*** Block opens ***

(* An instance of DIME: an uncertain network on nodes 0..n-1 together with
   the parameters T, K, L. *)
Record instance := Instance {
  inst_n : nat;
  inst_T : nat;
  inst_K : nat;
  inst_L : nat;
  ec : nat -> nat -> bool;   (* certain edges E_c *)
  eu : nat -> nat -> bool;   (* uncertain edges E_u *)
  u  : nat -> nat -> R;      (* existence probability on E_u *)
  p  : nat -> nat -> R       (* propagation probability on E *)
}.

Definition wf_inst (I : instance) : Prop :=
  (1 <= inst_n I)%nat /\ (inst_K I <= inst_n I)%nat /\
  forall x y,
    (ec I x y = true -> eu I x y = false) /\
    ((ec I x y || eu I x y)%bool = true ->
       (x < inst_n I)%nat /\ (y < inst_n I)%nat /\ 0 <= p I x y <= 1) /\
    (eu I x y = true -> 0 <= u I x y <= 1).

Definition is_truth (I : instance) (g : nat -> nat -> bool) : Prop :=
  forall x y, (ec I x y = true -> g x y = true) /\
              (g x y = true -> (ec I x y || eu I x y)%bool = true).

Definition valid_choice (n K : nat) (A : list nat) : Prop :=
  NoDup A /\ length A = K /\ Forall (fun x => (x < n)%nat) A.

(* Finitely supported probability distribution over choices. *)
Definition dist := list (list nat * R).

Definition valid_dist (n K : nat) (d : dist) : Prop :=
  Forall (fun aw => valid_choice n K (fst aw) /\ 0 <= snd aw) d /\
  fold_right Rplus 0 (map snd d) = 1.

Definition inb (x : nat) (A : list nat) : bool := existsb (Nat.eqb x) A.

(* Observation after choosing A: existence of every uncertain edge leaving A
   (None for edges that are not observed). *)
Definition observation := nat -> nat -> option bool.

Definition observe (I : instance) (g : nat -> nat -> bool) (A : list nat)
  : observation :=
  fun x y => if (inb x A && eu I x y)%bool then Some (g x y) else None.

(* History seen by a DIME policy: past choices with their observations.
   A (randomized) policy maps the instance (uncertain network, T, K, L)
   and the history to a distribution over the next choice. *)
Definition history := list (list nat * observation).
Definition policy := instance -> history -> dist.

Definition valid_policy (pol : policy) : Prop :=
  forall I h, wf_inst I -> valid_dist (inst_n I) (inst_K I) (pol I h).

(* Sets of influenced nodes: boolean lists of length n (index = node). *)
Fixpoint all_subsets (n : nat) : list (list bool) :=
  match n with
  | O => [[]]
  | S m => flat_map (fun s => [true :: s; false :: s]) (all_subsets m)
  end.

Definition mem (S : list bool) (y : nat) : bool := nth y S false.

Definition add_choice (n : nat) (S : list bool) (A : list nat) : list bool :=
  map (fun y => (mem S y || inb y A)%bool) (seq 0 n).

Definition prodR (l : list R) : R := fold_right Rmult 1 l.
Definition sumR (l : list R) : R := fold_right Rplus 0 l.

(* probability that uninfluenced y gets influenced in one time step *)
Definition q (I : instance) (g : nat -> nat -> bool) (S : list bool) (y : nat) : R :=
  1 - prodR (map (fun x => if (mem S x && g x y)%bool then 1 - p I x y else 1)
                 (seq 0 (inst_n I))).

Definition trans (I : instance) (g : nat -> nat -> bool) (S S' : list bool) : R :=
  prodR (map (fun y => if mem S y then (if mem S' y then 1 else 0)
                       else if mem S' y then q I g S y else 1 - q I g S y)
             (seq 0 (inst_n I))).

(* weighted list of states (a finitely supported distribution) *)
Definition sdist := list (list bool * R).

Definition step (I : instance) (g : nat -> nat -> bool) (D : sdist) : sdist :=
  flat_map (fun sw => map (fun S' => (S', snd sw * trans I g (fst sw) S'))
                          (all_subsets (inst_n I))) D.

Definition expected_size (D : sdist) : R :=
  sumR (map (fun sw => snd sw * INR (length (filter (fun b => b) (fst sw)))) D).

(* [next] gives the distribution of the next choice as a function of the
   past choices (the ground truth is fixed, so observations are determined
   by the choices).  eval r cs D = expected final number of influenced nodes
   with r rounds remaining, past choices cs and current state distribution D. *)
Fixpoint eval (I : instance) (g : nat -> nat -> bool)
    (next : list (list nat) -> dist) (r : nat) (cs : list (list nat)) (D : sdist) : R :=
  match r with
  | O => expected_size D
  | S r' =>
      sumR (map (fun aw =>
        snd aw * eval I g next r' (cs ++ [fst aw])
          (Nat.iter (inst_L I) (step I g)
             (map (fun sw => (add_choice (inst_n I) (fst sw) (fst aw), snd sw)) D)))
        (next cs))
  end.

Definition value (I : instance) (g : nat -> nat -> bool) (next : list (list nat) -> dist) : R :=
  eval I g next (inst_T I) [] [(repeat false (inst_n I), 1)].

Definition dime_next (pol : policy) (I : instance) (g : nat -> nat -> bool)
  : list (list nat) -> dist :=
  fun cs => pol I (map (fun A => (A, observe I g A)) cs).

Definition full_values (I : instance) (g : nat -> nat -> bool) (v : R) : Prop :=
  exists next : list (list nat) -> dist,
    (forall cs, valid_dist (inst_n I) (inst_K I) (next cs)) /\ v = value I g next.

From Pilot Require Import Defs.
From Stdlib Require Import Reals List Bool Lia Lra ZArith.
Import ListNotations.
Open Scope R_scope.

(* Take [n] nodes, one round choosing one node, one propagation step, and make
   every edge uncertain; the ground truth is a star (all edges leaving a hub
   [h], each propagating with certainty).  Knowing the truth one seeds [h] and
   influences all [n] nodes.  A policy learns nothing before its only choice,
   so its first-round distribution is the same for every hub; by averaging,
   some hub is chosen with probability at most [1/n], and against that truth
   the policy influences fewer than [2] nodes in expectation, while
   [n^(-1+eps) * n = n^eps > 2] once [n] is large. *)

Lemma sumR_map_plus {A} (f g : A -> R) l :
  sumR (map (fun x => f x + g x) l) = sumR (map f l) + sumR (map g l).
Proof. induction l; simpl; [ring | rewrite IHl; ring]. Qed.

Lemma sumR_map_scal {A} (f : A -> R) c l :
  sumR (map (fun x => c * f x) l) = c * sumR (map f l).
Proof. induction l; simpl; [ring | rewrite IHl; ring]. Qed.

Lemma sumR_exchange {A B} (f : A -> B -> R) l1 l2 :
  sumR (map (fun x => sumR (map (fun y => f x y) l2)) l1) =
  sumR (map (fun y => sumR (map (fun x => f x y) l1)) l2).
Proof.
  induction l1; simpl.
  - induction l2; simpl; [ring | rewrite <- IHl2; ring].
  - rewrite IHl1, <- sumR_map_plus. reflexivity.
Qed.

Lemma sumR_flat_map_pair {A} (f : list bool -> R) (t u : A -> list bool) l :
  sumR (map f (flat_map (fun s => [t s; u s]) l)) =
  sumR (map (fun s => f (t s) + f (u s)) l).
Proof. induction l; simpl; [ring | rewrite IHl; ring]. Qed.

Lemma sumR_weighted_le {A} (d : list (A * R)) (X : A * R -> R) c :
  Forall (fun aw => 0 <= snd aw) d -> (forall aw, In aw d -> X aw <= c) ->
  sumR (map (fun aw => snd aw * X aw) d) <= c * sumR (map snd d).
Proof.
  induction d as [|[a w] d IH]; simpl; intros Hw HX; [lra |].
  inversion Hw; subst; simpl in *.
  assert (X (a, w) <= c) by auto.
  assert (sumR (map (fun aw => snd aw * X aw) d) <= c * sumR (map snd d))
    by (apply IH; auto).
  nra.
Qed.

Lemma exists_le_average {A} (f : A -> R) l :
  l <> [] -> exists x, In x l /\ f x * INR (length l) <= sumR (map f l).
Proof.
  induction l as [|x l IH]; intros Hne; [congruence |].
  destruct l as [|y l].
  - exists x. simpl. split; [auto | lra].
  - destruct IH as [z [Hz Hfz]]; [discriminate |].
    change (sumR (map f (x :: y :: l))) with (f x + sumR (map f (y :: l))).
    rewrite length_cons, S_INR.
    destruct (Rle_dec (f x) (f z)).
    + exists x. split; [left; auto |].
      assert (0 <= INR (length (y :: l))) by apply pos_INR. nra.
    + exists z. split; [right; auto | lra].
Qed.

Lemma prodR_map_one (f : nat -> R) l :
  (forall x, In x l -> f x = 1) -> prodR (map f l) = 1.
Proof.
  induction l; simpl; intros H; [reflexivity |].
  unfold prodR in *; simpl. rewrite IHl, H; auto; ring.
Qed.

Lemma prodR_map_zero (f : nat -> R) l x :
  In x l -> f x = 0 -> prodR (map f l) = 0.
Proof.
  induction l; simpl; intros Hx Hf; [contradiction |].
  unfold prodR in *; simpl.
  destruct Hx as [<- | Hx]; [rewrite Hf; ring | rewrite IHl; auto; ring].
Qed.

Lemma sumR_indicator_count (a : nat) w l :
  sumR (map (fun y => if Nat.eqb a y then w else 0) l) =
  w * INR (length (filter (Nat.eqb a) l)).
Proof.
  induction l as [|y l IH]; simpl; [ring |].
  rewrite IH. destruct (Nat.eqb a y); [rewrite length_cons, S_INR |]; ring.
Qed.

Lemma filter_eqb_not_In (a : nat) l : ~ In a l -> filter (Nat.eqb a) l = [].
Proof.
  induction l as [|y l IH]; simpl; intros Ha; [reflexivity |].
  destruct (Nat.eqb_spec a y) as [-> | _]; [exfalso; auto | auto].
Qed.

Lemma length_filter_eqb_NoDup (a : nat) l :
  NoDup l -> In a l -> length (filter (Nat.eqb a) l) = 1%nat.
Proof.
  induction l as [|y l IH]; simpl; intros Hl Ha; [contradiction |].
  apply NoDup_cons_iff in Hl as [Hy Hl].
  destruct (Nat.eqb_spec a y) as [-> | Hne].
  - rewrite filter_eqb_not_In; auto.
  - destruct Ha as [-> | Ha]; [congruence | auto].
Qed.

(* A deterministic transition makes [step] a Dirac mass. *)
Lemma sumR_all_subsets_indicator n (b : nat -> bool) (c : list bool -> R) :
  sumR (map (fun s => prodR (map (fun y => if Bool.eqb (mem s y) (b y) then 1 else 0)
                                 (seq 0 n)) * c s)
            (all_subsets n)) =
  c (map b (seq 0 n)).
Proof.
  revert b c. induction n; intros b c.
  - simpl. unfold prodR. simpl. ring.
  - cbn [all_subsets]. rewrite sumR_flat_map_pair.
    replace (map b (seq 0 (S n)))
      with (b 0%nat :: map (fun y => b (S y)) (seq 0 n))
      by (simpl; rewrite <- seq_shift, map_map; reflexivity).
    rewrite <- (IHn (fun y => b (S y)) (fun s => c (b 0%nat :: s))).
    f_equal. apply map_ext. intros s.
    cbn [seq map prodR fold_right]. rewrite <- seq_shift, !map_map.
    unfold mem; cbn [nth]. fold prodR.
    destruct (b 0%nat); simpl; unfold prodR; ring.
Qed.
Lemma card_without_pair : #|L| = (#|S| + #|D|)%N.
Proof.
rewrite card_sublattice -(cardsC D) addnC.
by congr (_ + _)%N; apply: eq_card => x; rewrite !inE.
Qed.

Lemma card_upset_without_pair (y : S) :
  #|upset (val y)| = (#|upset y| + #|D :&: upset (val y)|)%N.
Proof.
rewrite card_sub_upset -(cardsID (~: D) (upset (val y))).
by congr (_ + _)%N; apply: eq_card => x; rewrite !inE /= ?inE ?negbK.
Qed.

Lemma below_deleted_pair (x z w : L) :
  x \in D -> z \in D -> x != z -> w <= x -> w <= z -> w = bt.
Proof.
rewrite !inE => /orP[]/eqP-> /orP[]/eqP-> //; rewrite ?eqxx // => _ wx wz;
  by apply/le_anti; rewrite bt_min -m12 lexI wx wz.
Qed.

Lemma card_deleted_upset (y : L) : y != bt -> (2 * #|D :&: upset y| <= #|D|)%N.
Proof.
move=> yNbt; have yD x z : x \in D :&: upset y -> z \in D :&: upset y -> x = z.
  move=> /setIP[xD]; rewrite inE => yx /setIP[zD]; rewrite inE => yz.
  apply: contraTeq yNbt => xNz.
  by rewrite negbK (below_deleted_pair xD zD xNz yx yz).
rewrite cards2; case: eqVneq => [m1m2|_]; last first.
  suff : (#|D :&: upset y| <= 1)%N by lia.
  by apply/card_le1_eqP => x z xA zA; rewrite (yD x z).
suff -> : D :&: upset y = set0 by rewrite cards0.
apply/setP => x; rewrite !inE m1m2 orbb; apply/andP => -[/eqP-> ym2].
have m2bt : m2 = bt by rewrite -m12 m1m2 meetxx.
by move: yNbt; rewrite eq_le bt_min -m2bt ym2.
Qed.

Lemma deleted_meet_irr (z : L) : z \in D -> meet_irr z.
Proof. by rewrite !inE => /orP[]/eqP->. Qed.

Lemma deleted_covered_join_irr (y u z : L) :
  (forall w, w \notin D -> w < y -> w <= u) -> z \in D -> z < y -> ~~ (z <= u) ->
  [/\ join_irr z, #|upset z| = #|upset y|.+1, D :&: upset y = set0 & #|D| = 2].
Proof.
move=> below_u zD zy zNu.
have zNbt : z != bt by apply: contraNneq zNu => ->.
have above_z x : x \in D -> z <= x -> x = z.
  move=> xD zx; apply: contraTeq zNbt => xNz.
  by rewrite negbK (below_deleted_pair xD zD xNz zx (lexx z)).
have [v zv above_v] := (meet_irrP z).1 (deleted_meet_irr zD).
have vy : v = y.
  have : v <= y by apply: above_v.
  rewrite le_eqVlt => /orP[/eqP // | vy]; case: (boolP (v \in D)) => vD.
    by have := zv; rewrite (above_z v vD (ltW zv)) ltxx.
  by move: zNu; rewrite (le_trans (ltW zv) (below_u v vD vy)).
have upset_z : upset z = z |: upset y.
  apply/setP => x; rewrite !inE; apply/idP/orP => [zx|[/eqP-> //|yx]].
    case: eqVneq => [|xNz]; [by left | right].
    by rewrite -vy above_v // lt_neqAle eq_sym xNz zx.
  exact: le_trans (ltW zy) yx.
split.
- apply/join_irrP; exists (z `&` u).
    by rewrite lt_neqAle leIl andbT; apply: contraNneq zNu => <-; apply: leIr.
  move=> w wz; case: (boolP (w \in D)) => wD.
    by rewrite (below_deleted_pair wD zD (negbT (lt_eqF wz)) (lexx w) (ltW wz)).
  by rewrite lexI (ltW wz) below_u // (lt_trans wz zy).
- by rewrite upset_z cardsU1 inE (lt_geF zy).
- apply/setP => x; rewrite in_setI in_set0 [x \in upset y]inE.
  apply/andP => -[xD yx]; have := lt_le_trans zy yx.
  by rewrite (above_z x xD (le_trans (ltW zy) yx)) ltxx.
- rewrite cards2; case: eqVneq => // m1m2; move: zD zNbt.
  by rewrite -m12 m1m2 meetxx !inE orbb => /eqP->; rewrite eqxx.
Qed.

Lemma card_without_pair_gt1 : counterexample L -> (1 < #|S|)%N.
Proof.
move=> Lce; apply: contraTT (counterexample_top_not_join_irr Lce tp_max).
rewrite -leqNgt negbK card_sublattice => /card_le1_eqP S_le1.
have kept_top x : x \notin D -> x = tp.
  by move=> xND; apply: S_le1; rewrite inE //= top_notin_deleted.
have btD : bt \in D.
  apply: contraT => /kept_top bttp; move: top_notin_deleted.
  have -> : tp = m1 by apply/le_anti; rewrite tp_max -bttp bt_min.
  by rewrite !inE eqxx.
have joinD : m1 `|` m2 \in D.
  move: btD; rewrite !inE => /orP[]/eqP btm.
    by rewrite -btm (join_r (bt_min _)) eqxx orbT.
  by rewrite -btm (join_l (bt_min _)) eqxx.
apply/join_irrP; exists (m1 `|` m2).
  by rewrite lt_neqAle tp_max andbT; apply: contraNneq top_notin_deleted => <-.
move=> z ztp; have : z \in D by apply: contraTT ztp => /kept_top ->; rewrite ltxx.
by rewrite !inE => /orP[]/eqP->; [apply: leUl | apply: leUr].
Qed.

Lemma without_pair_counterexample : counterexample L -> counterexample S.
Proof.
move=> Lce; split; first exact: card_without_pair_gt1.
move=> y /join_irr_sublattice[u /andP[uND uy] below_u].
have := card_upset_without_pair y; have := card_without_pair.
case: (boolP (join_irr (val y))) => [yirr | yNirr].
  have yNbt : val y != bt.
    by apply: contraTneq uy => ->; rewrite lt_leAnge bt_min andbF.
  by have := Lce.2 _ yirr; have := card_deleted_upset yNbt; lia.
have [z zy zNu] : exists2 z, z < val y & ~~ (z <= u).
  have : ~~ [forall z, (z < val y) ==> (z <= u)].
    apply: contra yNirr => /forallP all_le; apply/join_irrP.
    by exists u => // z; apply/implyP.
  by rewrite negb_forall => /existsP[z]; rewrite negb_imply => /andP[]; exists z.
have zD : z \in D by apply: contraNT zNu => zND; apply: below_u.
case: (deleted_covered_join_irr below_u zD zy zNu) => zirr upset_z Dy D2.
by have := Lce.2 _ zirr; rewrite upset_z Dy cards0 D2; lia.
Qed.

End DeleteMeetIrreducibles.

Theorem corollary2p11 (d : Order.disp_t) (L : finLatticeType d) :
  min_counterexample L ->
  forall m1 m2 : L, meet_irr m1 -> meet_irr m2 ->
  exists j : L, [/\ join_irr j, j <= m1 & j <= m2].
Proof.
move=> [Lce L_min] m1 m2 m1_irr m2_irr.
case: (boolP [exists j, [&& join_irr j, j <= m1 & j <= m2]]).
  by case/existsP=> j /and3P[]; exists j.
move=> no_common_ji; exfalso.
have [bt bt_min] := exists_bottom m1.
have [tp tp_max] := exists_top m1.
have m12 : m1 `&` m2 = bt.
  apply/le_anti; rewrite bt_min andbT; apply: contraNT no_common_ji => m12Nbt.
  have bt_lt : bt < m1 `&` m2.
    by rewrite lt_neqAle bt_min andbT; apply: contraNneq m12Nbt => <-.
  have [j j_irr] := join_irr_below bt_min bt_lt.
  by rewrite lexI => /andP[jm1 jm2]; apply/existsP; exists j; rewrite j_irr jm1 jm2.
have := L_min _ _ (without_pair_counterexample bt_min tp_max m1_irr m2_irr m12 Lce).
by rewrite (card_without_pair tp_max m1_irr m2_irr) cards2; lia.
Qed.
(* For any finite group $G$, with $H=A\oplus B$, the bilinear form $(\cdot,\cdot)$ and the involution $x\mapsto x^*$ defined below, there exists $U\in A$ such that $\mathcal H(G)=(H=A\oplus B,(\cdot,\cdot),x\mapsto x^*,U)$ is a structure algebra.
   Context: Construction: $\mathbb C[G]$ is the group algebra, $A$ its center with basis $E_\alpha=\sum_{g\in\alpha}g$ ($\alpha$ conjugacy classes). $M(G)=\operatorname{End}(\mathbb C[G])$ with matrix units $E_{g_1,g_2}$ ($E_{g_1,g_2}(h)=\delta_{g_2,h}g_1$). For each conjugacy class $\beta$ (under simultaneous conjugation) of ordered pairs $(s_1,s_2)$ with $s_1^2=s_2^2=1$ put $E_\beta=\sum_{(s',s'')\in\beta}E_{s',s''}$; $B$ is their span. $V(g)(x)=gxg^{-1}$ extends to $V:\mathbb C[G]\to M(G)$, $V_\alpha=V(E_\alpha)$. The multiplication on $H=A\oplus B$ is that of $A$ and of $B$ plus $E_\alpha E_\beta=V_\alpha E_\beta$, $E_\beta E_\alpha=E_\beta V_\alpha$. The involution $*$ is the linear extension of $g\mapsto g^{-1}$ on $A$ and matrix transposition on $B$ (so $E_\beta^*=E_{\beta^*}$, $\beta^*$ the class of $(s_2,s_1)$). The form is $(x,y)=f(xy)$ with $f$ linear, $f(E_\alpha)=\frac{1}{|G|}\delta_{\alpha,\{1\}}$, $f(E_\beta)=\frac1{|G|}\operatorname{tr}(E_\beta)$. Structure algebra: a tuple $(H=A\oplus B,(\cdot,\cdot),*,U)$ with $H$ finite-dimensional associative over $\mathbb C$, $(\cdot,\cdot)$ symmetric invariant ($(xy,z)=(x,yz)$), $*$ an involutive antiautomorphism, $U\in A$, such that: (1) $A$ is a subalgebra in the center of $H$ whose unit is that of $H$; (2) $B$ is a two-sided ideal with a unit; (3) $(\cdot,\cdot)|_A,(\cdot,\cdot)|_B$ nondegenerate; (4) $(V_{K_B}(b_1),b_2)=\sum F^{ij}(f_i,b_1)(f_j,b_2)$ for $b_1,b_2\in B$, where $(f_i)$ is a basis of $A$ with inverse Gram matrix $F^{ij}$ and $V_{K_B}(x)=\sum G^{kl}g_kxg_l$ for a basis $(g_k)$ of $B$ with inverse Gram matrix $G^{kl}$; (5) $A^*=A$, $B^*=B$, $(x^*,y^* )=(x,y)$; (6) $U^2=K_{A,*}$; (7) $(U,b)=(K_{B,*},b)$ for $b\in B$; (8) $(aU)^*=aU$ for $a\in A$; here $K_{X,*}=\sum F^{ij}f_if_j^*$ computed in $X=A$ or $B$. *)

From HB Require Import structures.
From mathcomp Require Import all_boot all_order all_fingroup all_algebra.
Set Implicit Arguments. Unset Strict Implicit. Unset Printing Implicit Defensive.
Import Order.TTheory GRing.Theory Num.Theory.
Local Open Scope ring_scope.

*** Block closes ***

# WORK REQUIRED
Retype only this portion of the data above: the line containing "Theorem corollary2p11 (d", the line containing "(* For any finite", and all lines between them, exactly.

# RESULT BELOW
Theorem corollary2p11 (d : Order.disp_t) (L : finLatticeType d) :
  min_counterexample L ->
  forall m1 m2 : L, meet_irr m1 -> meet_irr m2 ->
  exists j : L, [/\ join_irr j, j <= m1 & j <= m2].
Proof.
move=> [Lce L_min] m1 m2 m1_irr m2_irr.
case: (boolP [exists j, [&& join_irr j, j <= m1 & j <= m2]]).
  by case/existsP=> j /and3P[]; exists j.
move=> no_common_ji; exfalso.
have [bt bt_min] := exists_bottom m1.
have [tp tp_max] := exists_top m1.
have m12 : m1 `&` m2 = bt.
  apply/le_anti; rewrite bt_min andbT; apply: contraNT no_common_ji => m12Nbt.
  have bt_lt : bt < m1 `&` m2.
    by rewrite lt_neqAle bt_min andbT; apply: contraNneq m12Nbt => <-.
  have [j j_irr] := join_irr_below bt_min bt_lt.
  by rewrite lexI => /andP[jm1 jm2]; apply/existsP; exists j; rewrite j_irr jm1 jm2.
have := L_min _ _ (without_pair_counterexample bt_min tp_max m1_irr m2_irr m12 Lce).
by rewrite (card_without_pair tp_max m1_irr m2_irr) cards2; lia.
Qed.
(* For any finite group $G$, with $H=A\oplus B$, the bilinear form $(\cdot,\cdot)$ and the involution $x\mapsto x^*$ defined below, there exists $U\in A$ such that $\mathcal H(G)=(H=A\oplus B,(\cdot,\cdot),x\mapsto x^*,U)$ is a structure algebra.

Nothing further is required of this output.